* Action item *
Reproduce the records exactly through the line with "Lemma eventually_ge (T".

* Input records *
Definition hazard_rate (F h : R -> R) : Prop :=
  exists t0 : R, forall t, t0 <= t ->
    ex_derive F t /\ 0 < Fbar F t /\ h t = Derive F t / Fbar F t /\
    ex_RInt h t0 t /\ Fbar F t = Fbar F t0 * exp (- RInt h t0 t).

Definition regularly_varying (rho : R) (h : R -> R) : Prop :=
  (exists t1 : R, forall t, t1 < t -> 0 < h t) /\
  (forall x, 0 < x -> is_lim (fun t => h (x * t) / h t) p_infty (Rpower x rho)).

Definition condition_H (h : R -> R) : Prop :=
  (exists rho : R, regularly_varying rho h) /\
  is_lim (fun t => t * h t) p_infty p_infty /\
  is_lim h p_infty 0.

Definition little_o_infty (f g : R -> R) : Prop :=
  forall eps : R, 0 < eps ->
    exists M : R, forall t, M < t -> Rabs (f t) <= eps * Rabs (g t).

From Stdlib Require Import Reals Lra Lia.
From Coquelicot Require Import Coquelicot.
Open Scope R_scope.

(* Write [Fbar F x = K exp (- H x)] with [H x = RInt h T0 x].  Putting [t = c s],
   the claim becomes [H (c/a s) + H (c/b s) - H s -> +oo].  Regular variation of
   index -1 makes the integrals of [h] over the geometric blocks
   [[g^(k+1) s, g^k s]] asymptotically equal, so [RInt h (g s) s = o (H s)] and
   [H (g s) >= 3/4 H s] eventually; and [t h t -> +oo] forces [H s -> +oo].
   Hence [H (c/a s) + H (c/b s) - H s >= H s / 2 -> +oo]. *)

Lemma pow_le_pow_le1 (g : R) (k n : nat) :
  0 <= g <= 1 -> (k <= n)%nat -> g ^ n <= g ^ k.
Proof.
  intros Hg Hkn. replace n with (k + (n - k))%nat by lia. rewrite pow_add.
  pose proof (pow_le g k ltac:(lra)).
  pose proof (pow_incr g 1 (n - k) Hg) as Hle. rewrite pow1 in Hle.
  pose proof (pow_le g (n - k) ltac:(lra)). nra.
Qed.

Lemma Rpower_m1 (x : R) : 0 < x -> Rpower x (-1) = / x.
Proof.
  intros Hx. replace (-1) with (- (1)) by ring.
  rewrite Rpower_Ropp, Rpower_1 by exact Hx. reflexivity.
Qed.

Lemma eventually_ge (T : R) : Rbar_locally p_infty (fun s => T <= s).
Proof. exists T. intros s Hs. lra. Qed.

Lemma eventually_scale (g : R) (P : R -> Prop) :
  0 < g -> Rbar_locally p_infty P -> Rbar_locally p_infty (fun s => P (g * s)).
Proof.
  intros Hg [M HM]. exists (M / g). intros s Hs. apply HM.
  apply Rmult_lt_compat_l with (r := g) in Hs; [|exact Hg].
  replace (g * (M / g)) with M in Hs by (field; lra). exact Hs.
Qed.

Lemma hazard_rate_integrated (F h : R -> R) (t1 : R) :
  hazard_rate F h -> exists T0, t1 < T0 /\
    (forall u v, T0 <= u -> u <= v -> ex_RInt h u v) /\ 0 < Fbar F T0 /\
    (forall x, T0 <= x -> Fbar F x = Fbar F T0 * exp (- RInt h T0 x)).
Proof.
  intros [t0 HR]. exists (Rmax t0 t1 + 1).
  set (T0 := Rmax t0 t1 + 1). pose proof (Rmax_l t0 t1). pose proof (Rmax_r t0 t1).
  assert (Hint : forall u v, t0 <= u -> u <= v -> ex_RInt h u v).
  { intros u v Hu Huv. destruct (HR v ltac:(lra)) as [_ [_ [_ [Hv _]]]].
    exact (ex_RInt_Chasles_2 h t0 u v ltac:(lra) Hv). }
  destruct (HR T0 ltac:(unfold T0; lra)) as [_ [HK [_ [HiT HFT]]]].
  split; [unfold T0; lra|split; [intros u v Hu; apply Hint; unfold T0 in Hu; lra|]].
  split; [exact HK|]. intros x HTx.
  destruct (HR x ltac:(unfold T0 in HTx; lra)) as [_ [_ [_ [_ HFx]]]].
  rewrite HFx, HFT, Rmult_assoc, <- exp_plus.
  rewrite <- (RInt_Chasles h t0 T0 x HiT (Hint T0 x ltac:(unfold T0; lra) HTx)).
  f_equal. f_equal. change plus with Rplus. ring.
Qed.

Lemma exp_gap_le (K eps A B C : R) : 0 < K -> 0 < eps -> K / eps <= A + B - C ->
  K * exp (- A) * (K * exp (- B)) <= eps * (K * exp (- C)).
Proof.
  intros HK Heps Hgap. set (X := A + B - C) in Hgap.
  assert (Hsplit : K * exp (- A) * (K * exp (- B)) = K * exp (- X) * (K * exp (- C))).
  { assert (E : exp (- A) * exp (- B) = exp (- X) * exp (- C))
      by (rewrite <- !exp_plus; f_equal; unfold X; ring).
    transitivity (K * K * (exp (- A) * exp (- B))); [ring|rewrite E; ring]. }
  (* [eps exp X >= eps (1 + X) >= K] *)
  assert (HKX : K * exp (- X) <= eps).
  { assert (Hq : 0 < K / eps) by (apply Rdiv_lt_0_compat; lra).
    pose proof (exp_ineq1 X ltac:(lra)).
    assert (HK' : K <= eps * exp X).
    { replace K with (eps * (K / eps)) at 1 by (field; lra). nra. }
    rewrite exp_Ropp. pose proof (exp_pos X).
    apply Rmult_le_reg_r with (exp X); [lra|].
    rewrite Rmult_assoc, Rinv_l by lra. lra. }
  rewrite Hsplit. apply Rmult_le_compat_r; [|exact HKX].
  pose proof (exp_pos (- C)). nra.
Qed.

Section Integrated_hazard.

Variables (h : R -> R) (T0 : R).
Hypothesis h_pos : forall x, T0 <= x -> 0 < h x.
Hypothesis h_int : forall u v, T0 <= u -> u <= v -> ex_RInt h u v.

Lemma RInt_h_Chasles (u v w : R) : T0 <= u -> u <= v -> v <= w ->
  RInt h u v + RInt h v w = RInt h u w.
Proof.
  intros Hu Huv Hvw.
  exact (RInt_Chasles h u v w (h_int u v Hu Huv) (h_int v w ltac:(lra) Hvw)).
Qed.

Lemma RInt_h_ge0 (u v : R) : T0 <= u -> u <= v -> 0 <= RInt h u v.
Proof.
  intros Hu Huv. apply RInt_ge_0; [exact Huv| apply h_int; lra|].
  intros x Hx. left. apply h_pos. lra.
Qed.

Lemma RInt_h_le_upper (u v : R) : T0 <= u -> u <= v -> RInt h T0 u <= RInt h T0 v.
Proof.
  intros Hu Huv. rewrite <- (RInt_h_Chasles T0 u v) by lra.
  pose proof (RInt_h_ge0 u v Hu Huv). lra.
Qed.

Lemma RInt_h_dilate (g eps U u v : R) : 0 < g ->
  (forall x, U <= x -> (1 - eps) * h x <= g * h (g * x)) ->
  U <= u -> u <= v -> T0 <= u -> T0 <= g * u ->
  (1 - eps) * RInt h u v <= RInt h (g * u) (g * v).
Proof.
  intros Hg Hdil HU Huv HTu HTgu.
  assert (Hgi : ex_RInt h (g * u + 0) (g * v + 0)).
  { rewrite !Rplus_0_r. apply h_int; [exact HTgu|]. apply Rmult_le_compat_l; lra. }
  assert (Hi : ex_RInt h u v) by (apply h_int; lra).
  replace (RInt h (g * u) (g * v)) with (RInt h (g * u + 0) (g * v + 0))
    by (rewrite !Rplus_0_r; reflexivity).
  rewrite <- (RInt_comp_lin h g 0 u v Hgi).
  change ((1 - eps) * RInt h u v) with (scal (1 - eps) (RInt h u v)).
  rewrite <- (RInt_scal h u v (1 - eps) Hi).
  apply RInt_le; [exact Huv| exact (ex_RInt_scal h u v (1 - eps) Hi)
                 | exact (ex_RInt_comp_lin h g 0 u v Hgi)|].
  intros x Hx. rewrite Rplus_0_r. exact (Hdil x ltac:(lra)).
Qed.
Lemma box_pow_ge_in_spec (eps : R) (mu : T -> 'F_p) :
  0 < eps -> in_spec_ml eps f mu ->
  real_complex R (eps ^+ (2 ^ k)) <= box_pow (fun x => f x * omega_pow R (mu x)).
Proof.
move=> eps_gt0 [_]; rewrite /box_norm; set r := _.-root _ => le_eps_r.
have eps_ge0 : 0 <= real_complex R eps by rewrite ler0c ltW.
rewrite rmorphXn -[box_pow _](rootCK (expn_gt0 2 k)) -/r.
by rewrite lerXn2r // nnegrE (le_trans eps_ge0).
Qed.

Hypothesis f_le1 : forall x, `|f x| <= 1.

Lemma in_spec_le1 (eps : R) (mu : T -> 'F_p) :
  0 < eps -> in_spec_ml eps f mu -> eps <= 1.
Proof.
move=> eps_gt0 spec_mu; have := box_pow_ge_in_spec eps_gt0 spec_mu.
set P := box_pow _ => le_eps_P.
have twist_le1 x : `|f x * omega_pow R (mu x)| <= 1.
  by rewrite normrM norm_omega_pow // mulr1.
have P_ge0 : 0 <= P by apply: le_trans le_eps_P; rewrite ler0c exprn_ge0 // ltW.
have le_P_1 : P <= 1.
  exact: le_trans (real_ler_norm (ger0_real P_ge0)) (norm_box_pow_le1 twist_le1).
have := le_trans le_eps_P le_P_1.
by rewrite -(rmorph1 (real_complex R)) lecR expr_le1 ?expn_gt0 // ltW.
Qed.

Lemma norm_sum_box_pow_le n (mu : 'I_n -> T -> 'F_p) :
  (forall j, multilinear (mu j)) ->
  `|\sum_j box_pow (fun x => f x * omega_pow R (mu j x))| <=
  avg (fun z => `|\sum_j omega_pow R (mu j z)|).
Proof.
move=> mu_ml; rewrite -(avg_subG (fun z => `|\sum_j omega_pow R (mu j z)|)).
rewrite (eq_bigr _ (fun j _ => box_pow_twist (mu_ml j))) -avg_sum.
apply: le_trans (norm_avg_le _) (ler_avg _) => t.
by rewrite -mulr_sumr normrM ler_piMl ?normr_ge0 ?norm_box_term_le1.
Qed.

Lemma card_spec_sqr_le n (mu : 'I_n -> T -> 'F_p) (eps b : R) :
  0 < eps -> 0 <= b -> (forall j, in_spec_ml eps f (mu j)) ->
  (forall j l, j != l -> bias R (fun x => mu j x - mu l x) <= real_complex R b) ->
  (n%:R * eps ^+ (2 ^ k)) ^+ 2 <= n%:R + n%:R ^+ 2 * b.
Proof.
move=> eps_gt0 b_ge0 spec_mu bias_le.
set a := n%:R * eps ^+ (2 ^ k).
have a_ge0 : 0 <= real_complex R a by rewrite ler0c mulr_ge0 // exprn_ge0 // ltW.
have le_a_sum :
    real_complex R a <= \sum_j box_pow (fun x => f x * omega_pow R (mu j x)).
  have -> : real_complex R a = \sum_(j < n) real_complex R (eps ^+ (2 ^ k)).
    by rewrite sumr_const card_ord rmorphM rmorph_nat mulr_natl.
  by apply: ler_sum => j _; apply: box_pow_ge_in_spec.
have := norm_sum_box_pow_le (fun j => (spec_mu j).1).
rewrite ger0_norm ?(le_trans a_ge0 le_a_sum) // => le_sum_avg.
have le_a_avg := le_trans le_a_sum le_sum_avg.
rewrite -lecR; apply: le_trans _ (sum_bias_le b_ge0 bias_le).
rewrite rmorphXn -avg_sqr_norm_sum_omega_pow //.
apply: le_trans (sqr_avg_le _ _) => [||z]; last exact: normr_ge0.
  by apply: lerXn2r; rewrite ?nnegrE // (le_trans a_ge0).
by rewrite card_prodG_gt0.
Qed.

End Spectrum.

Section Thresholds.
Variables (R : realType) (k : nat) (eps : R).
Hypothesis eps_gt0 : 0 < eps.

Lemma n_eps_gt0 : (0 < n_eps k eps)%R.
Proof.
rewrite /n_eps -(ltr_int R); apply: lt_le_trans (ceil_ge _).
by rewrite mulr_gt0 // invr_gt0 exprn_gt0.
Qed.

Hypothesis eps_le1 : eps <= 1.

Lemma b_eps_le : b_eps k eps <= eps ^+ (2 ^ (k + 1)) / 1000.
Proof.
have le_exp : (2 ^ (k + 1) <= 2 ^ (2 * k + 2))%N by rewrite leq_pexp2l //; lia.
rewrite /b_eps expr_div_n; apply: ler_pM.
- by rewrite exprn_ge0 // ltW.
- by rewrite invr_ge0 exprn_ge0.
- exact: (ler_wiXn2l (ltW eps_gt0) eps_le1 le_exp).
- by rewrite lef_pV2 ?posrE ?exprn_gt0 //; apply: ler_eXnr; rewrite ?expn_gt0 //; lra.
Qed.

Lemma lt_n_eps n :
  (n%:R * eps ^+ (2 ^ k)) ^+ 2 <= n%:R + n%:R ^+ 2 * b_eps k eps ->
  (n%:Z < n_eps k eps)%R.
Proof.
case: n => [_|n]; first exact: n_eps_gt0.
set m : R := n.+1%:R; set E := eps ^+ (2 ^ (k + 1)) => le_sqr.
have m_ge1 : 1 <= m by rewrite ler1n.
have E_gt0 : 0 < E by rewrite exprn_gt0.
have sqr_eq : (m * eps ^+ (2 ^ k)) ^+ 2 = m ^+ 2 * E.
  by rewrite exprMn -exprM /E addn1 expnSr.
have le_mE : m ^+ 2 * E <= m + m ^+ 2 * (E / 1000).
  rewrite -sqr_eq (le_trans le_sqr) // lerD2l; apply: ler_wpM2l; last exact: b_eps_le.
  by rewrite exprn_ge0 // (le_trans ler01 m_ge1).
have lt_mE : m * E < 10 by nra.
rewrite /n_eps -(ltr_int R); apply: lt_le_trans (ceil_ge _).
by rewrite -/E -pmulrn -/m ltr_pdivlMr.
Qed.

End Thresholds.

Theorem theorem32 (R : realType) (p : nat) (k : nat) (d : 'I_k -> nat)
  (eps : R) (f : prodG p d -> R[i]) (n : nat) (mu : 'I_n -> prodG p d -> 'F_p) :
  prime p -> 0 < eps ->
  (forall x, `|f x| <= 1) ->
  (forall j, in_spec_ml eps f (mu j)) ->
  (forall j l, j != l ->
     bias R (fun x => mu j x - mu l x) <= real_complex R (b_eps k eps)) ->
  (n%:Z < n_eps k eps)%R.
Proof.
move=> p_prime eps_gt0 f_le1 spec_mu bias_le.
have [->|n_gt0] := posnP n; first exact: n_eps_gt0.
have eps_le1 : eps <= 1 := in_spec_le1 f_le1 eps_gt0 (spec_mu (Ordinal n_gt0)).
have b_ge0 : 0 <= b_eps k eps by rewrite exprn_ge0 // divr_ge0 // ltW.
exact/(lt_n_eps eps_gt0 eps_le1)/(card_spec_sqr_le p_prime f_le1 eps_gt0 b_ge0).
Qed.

* Result of the exercise *
Definition hazard_rate (F h : R -> R) : Prop :=
  exists t0 : R, forall t, t0 <= t ->
    ex_derive F t /\ 0 < Fbar F t /\ h t = Derive F t / Fbar F t /\
    ex_RInt h t0 t /\ Fbar F t = Fbar F t0 * exp (- RInt h t0 t).

Definition regularly_varying (rho : R) (h : R -> R) : Prop :=
  (exists t1 : R, forall t, t1 < t -> 0 < h t) /\
  (forall x, 0 < x -> is_lim (fun t => h (x * t) / h t) p_infty (Rpower x rho)).

Definition condition_H (h : R -> R) : Prop :=
  (exists rho : R, regularly_varying rho h) /\
  is_lim (fun t => t * h t) p_infty p_infty /\
  is_lim h p_infty 0.

Definition little_o_infty (f g : R -> R) : Prop :=
  forall eps : R, 0 < eps ->
    exists M : R, forall t, M < t -> Rabs (f t) <= eps * Rabs (g t).

From Stdlib Require Import Reals Lra Lia.
From Coquelicot Require Import Coquelicot.
Open Scope R_scope.

(* Write [Fbar F x = K exp (- H x)] with [H x = RInt h T0 x].  Putting [t = c s],
   the claim becomes [H (c/a s) + H (c/b s) - H s -> +oo].  Regular variation of
   index -1 makes the integrals of [h] over the geometric blocks
   [[g^(k+1) s, g^k s]] asymptotically equal, so [RInt h (g s) s = o (H s)] and
   [H (g s) >= 3/4 H s] eventually; and [t h t -> +oo] forces [H s -> +oo].
   Hence [H (c/a s) + H (c/b s) - H s >= H s / 2 -> +oo]. *)

Lemma pow_le_pow_le1 (g : R) (k n : nat) :
  0 <= g <= 1 -> (k <= n)%nat -> g ^ n <= g ^ k.
Proof.
  intros Hg Hkn. replace n with (k + (n - k))%nat by lia. rewrite pow_add.
  pose proof (pow_le g k ltac:(lra)).
  pose proof (pow_incr g 1 (n - k) Hg) as Hle. rewrite pow1 in Hle.
  pose proof (pow_le g (n - k) ltac:(lra)). nra.
Qed.

Lemma Rpower_m1 (x : R) : 0 < x -> Rpower x (-1) = / x.
Proof.
  intros Hx. replace (-1) with (- (1)) by ring.
  rewrite Rpower_Ropp, Rpower_1 by exact Hx. reflexivity.
Qed.

Lemma eventually_ge (T : R) : Rbar_locally p_infty (fun s => T <= s).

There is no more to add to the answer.